**Activity**
Up to and including the line with "(chi : F -> R) (k : nat) (l", restate the records below word for word, beginning with their first line.

**Source data**

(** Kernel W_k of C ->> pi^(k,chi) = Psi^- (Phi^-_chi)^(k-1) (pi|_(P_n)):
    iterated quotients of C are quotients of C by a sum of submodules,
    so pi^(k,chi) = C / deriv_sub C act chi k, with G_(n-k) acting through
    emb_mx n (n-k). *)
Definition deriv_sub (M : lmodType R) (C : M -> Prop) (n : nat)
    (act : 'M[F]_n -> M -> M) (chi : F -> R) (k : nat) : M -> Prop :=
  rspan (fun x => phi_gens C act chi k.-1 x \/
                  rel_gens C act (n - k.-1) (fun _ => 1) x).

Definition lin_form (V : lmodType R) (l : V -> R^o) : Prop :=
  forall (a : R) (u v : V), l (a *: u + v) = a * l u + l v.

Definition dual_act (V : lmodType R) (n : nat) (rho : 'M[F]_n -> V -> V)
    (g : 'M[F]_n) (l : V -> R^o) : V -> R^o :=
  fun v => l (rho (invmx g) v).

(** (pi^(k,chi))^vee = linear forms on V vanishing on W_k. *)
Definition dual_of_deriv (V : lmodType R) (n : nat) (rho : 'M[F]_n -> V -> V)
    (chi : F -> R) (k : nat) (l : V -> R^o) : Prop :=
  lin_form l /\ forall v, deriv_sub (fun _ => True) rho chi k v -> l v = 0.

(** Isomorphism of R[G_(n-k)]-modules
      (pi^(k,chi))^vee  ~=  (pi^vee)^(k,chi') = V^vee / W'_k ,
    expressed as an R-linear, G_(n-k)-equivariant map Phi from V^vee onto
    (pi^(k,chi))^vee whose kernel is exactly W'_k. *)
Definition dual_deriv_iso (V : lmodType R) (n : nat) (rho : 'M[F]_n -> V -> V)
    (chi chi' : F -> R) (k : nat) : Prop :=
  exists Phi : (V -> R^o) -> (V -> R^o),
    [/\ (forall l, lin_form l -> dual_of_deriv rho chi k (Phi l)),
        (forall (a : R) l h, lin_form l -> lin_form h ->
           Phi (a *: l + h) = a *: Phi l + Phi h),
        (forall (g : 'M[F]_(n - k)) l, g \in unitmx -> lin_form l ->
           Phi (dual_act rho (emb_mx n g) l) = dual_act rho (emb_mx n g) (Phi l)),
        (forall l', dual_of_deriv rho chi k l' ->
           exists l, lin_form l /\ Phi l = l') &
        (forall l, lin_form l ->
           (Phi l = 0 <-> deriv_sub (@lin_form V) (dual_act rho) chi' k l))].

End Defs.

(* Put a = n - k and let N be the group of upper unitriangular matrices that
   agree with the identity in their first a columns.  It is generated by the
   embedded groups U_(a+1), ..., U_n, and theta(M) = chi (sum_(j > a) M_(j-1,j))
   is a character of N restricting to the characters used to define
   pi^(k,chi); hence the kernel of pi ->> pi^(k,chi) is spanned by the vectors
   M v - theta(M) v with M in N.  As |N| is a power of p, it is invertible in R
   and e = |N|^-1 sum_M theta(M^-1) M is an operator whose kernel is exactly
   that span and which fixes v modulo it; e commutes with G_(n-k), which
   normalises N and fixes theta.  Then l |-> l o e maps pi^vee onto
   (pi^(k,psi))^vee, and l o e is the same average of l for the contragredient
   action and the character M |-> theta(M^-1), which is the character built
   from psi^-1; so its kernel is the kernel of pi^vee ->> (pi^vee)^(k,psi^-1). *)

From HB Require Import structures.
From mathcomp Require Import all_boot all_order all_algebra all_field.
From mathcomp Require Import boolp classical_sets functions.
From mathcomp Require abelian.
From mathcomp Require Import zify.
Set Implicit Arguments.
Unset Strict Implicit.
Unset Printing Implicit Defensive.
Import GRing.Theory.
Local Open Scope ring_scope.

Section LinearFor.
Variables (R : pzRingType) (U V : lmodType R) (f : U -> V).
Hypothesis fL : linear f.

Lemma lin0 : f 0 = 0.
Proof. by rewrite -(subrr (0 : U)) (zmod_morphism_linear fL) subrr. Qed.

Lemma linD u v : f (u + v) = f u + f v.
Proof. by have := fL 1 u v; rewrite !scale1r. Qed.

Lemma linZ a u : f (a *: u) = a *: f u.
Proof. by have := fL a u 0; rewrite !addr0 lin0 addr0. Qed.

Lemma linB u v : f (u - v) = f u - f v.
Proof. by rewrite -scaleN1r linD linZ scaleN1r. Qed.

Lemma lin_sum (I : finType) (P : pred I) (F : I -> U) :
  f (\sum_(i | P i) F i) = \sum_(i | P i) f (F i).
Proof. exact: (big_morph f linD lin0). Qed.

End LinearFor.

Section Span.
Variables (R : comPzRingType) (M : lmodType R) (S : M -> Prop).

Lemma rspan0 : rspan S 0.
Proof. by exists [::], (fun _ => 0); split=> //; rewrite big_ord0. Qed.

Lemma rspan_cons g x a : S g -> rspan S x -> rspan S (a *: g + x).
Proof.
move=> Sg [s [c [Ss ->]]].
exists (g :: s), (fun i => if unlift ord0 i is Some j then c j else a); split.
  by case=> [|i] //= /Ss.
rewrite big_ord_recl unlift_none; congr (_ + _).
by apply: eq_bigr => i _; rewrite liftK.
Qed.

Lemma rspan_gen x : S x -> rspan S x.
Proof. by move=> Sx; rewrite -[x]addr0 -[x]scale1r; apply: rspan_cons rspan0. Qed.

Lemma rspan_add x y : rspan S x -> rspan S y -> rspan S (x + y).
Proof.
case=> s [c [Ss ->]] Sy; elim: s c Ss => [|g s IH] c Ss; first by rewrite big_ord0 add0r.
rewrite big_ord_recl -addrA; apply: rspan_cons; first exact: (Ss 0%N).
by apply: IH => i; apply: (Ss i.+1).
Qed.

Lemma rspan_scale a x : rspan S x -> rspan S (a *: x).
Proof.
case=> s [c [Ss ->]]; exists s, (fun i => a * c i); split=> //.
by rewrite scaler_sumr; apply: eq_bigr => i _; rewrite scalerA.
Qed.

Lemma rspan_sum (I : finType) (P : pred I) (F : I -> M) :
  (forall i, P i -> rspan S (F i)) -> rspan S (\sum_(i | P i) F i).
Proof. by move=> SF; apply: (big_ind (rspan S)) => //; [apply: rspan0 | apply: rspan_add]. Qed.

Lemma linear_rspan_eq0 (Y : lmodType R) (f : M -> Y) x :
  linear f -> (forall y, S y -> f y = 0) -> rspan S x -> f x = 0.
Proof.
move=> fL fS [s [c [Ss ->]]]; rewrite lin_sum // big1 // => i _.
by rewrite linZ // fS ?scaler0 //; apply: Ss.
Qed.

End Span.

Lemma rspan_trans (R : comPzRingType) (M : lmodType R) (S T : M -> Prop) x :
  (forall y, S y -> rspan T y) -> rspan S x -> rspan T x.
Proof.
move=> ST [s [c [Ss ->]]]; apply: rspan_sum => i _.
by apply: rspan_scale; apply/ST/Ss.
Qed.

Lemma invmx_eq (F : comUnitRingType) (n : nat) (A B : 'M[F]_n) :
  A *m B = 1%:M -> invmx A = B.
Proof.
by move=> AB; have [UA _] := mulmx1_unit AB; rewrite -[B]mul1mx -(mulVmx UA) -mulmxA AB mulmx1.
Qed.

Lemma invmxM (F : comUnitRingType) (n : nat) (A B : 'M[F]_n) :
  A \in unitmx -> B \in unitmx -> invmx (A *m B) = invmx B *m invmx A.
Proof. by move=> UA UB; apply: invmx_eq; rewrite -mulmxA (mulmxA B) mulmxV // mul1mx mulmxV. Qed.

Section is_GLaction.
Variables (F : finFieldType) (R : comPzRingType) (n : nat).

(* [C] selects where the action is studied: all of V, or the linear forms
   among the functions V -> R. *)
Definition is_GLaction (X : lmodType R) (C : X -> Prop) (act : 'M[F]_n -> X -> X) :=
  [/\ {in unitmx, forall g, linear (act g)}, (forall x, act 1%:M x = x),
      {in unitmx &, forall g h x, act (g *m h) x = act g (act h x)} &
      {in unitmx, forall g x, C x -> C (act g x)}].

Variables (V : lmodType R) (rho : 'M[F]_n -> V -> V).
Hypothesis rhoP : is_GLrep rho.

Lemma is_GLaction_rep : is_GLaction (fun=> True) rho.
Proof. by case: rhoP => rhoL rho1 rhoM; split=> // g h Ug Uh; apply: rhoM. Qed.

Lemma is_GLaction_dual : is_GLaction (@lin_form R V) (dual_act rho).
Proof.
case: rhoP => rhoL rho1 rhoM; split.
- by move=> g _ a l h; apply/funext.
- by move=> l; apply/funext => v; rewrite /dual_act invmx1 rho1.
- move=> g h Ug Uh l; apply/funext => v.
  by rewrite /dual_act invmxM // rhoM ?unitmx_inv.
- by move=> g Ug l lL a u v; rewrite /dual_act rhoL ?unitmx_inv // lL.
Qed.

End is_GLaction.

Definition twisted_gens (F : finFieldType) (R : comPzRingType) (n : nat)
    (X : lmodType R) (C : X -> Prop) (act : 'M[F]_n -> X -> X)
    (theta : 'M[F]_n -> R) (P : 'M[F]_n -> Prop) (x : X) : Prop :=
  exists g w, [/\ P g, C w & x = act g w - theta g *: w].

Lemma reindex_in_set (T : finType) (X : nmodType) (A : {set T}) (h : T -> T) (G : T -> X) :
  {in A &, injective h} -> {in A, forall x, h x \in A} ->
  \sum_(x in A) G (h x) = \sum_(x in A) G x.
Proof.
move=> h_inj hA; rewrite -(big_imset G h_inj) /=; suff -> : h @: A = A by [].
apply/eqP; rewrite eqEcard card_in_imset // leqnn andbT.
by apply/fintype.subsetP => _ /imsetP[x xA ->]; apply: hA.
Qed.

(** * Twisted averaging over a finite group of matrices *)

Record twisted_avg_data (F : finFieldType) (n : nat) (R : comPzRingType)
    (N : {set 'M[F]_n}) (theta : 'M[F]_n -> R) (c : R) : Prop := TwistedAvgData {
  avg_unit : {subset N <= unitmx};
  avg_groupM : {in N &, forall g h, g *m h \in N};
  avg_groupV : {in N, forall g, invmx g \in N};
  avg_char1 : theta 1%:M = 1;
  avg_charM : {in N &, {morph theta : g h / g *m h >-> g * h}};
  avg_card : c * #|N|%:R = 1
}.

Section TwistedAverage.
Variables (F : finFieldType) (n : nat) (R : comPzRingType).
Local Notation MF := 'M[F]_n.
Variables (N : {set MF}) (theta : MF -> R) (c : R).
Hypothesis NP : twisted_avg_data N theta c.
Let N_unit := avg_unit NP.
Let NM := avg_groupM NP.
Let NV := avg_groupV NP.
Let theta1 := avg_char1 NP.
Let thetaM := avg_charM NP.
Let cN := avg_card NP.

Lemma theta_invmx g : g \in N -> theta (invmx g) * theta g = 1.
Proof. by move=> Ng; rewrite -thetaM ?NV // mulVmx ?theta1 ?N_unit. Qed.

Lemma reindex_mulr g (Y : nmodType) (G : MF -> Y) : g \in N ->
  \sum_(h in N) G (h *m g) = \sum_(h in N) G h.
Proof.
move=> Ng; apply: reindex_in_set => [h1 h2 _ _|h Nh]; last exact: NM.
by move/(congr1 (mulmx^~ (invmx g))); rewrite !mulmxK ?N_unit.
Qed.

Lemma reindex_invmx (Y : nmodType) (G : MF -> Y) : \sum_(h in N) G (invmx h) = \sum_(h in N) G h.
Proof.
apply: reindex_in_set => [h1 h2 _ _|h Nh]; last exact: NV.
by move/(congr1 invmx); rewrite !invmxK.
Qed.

**Exercise answer**
(** Kernel W_k of C ->> pi^(k,chi) = Psi^- (Phi^-_chi)^(k-1) (pi|_(P_n)):
    iterated quotients of C are quotients of C by a sum of submodules,
    so pi^(k,chi) = C / deriv_sub C act chi k, with G_(n-k) acting through
    emb_mx n (n-k). *)
Definition deriv_sub (M : lmodType R) (C : M -> Prop) (n : nat)
    (act : 'M[F]_n -> M -> M) (chi : F -> R) (k : nat) : M -> Prop :=
  rspan (fun x => phi_gens C act chi k.-1 x \/
                  rel_gens C act (n - k.-1) (fun _ => 1) x).

Definition lin_form (V : lmodType R) (l : V -> R^o) : Prop :=
  forall (a : R) (u v : V), l (a *: u + v) = a * l u + l v.

Definition dual_act (V : lmodType R) (n : nat) (rho : 'M[F]_n -> V -> V)
    (g : 'M[F]_n) (l : V -> R^o) : V -> R^o :=
  fun v => l (rho (invmx g) v).

(** (pi^(k,chi))^vee = linear forms on V vanishing on W_k. *)
Definition dual_of_deriv (V : lmodType R) (n : nat) (rho : 'M[F]_n -> V -> V)
    (chi : F -> R) (k : nat) (l : V -> R^o) : Prop :=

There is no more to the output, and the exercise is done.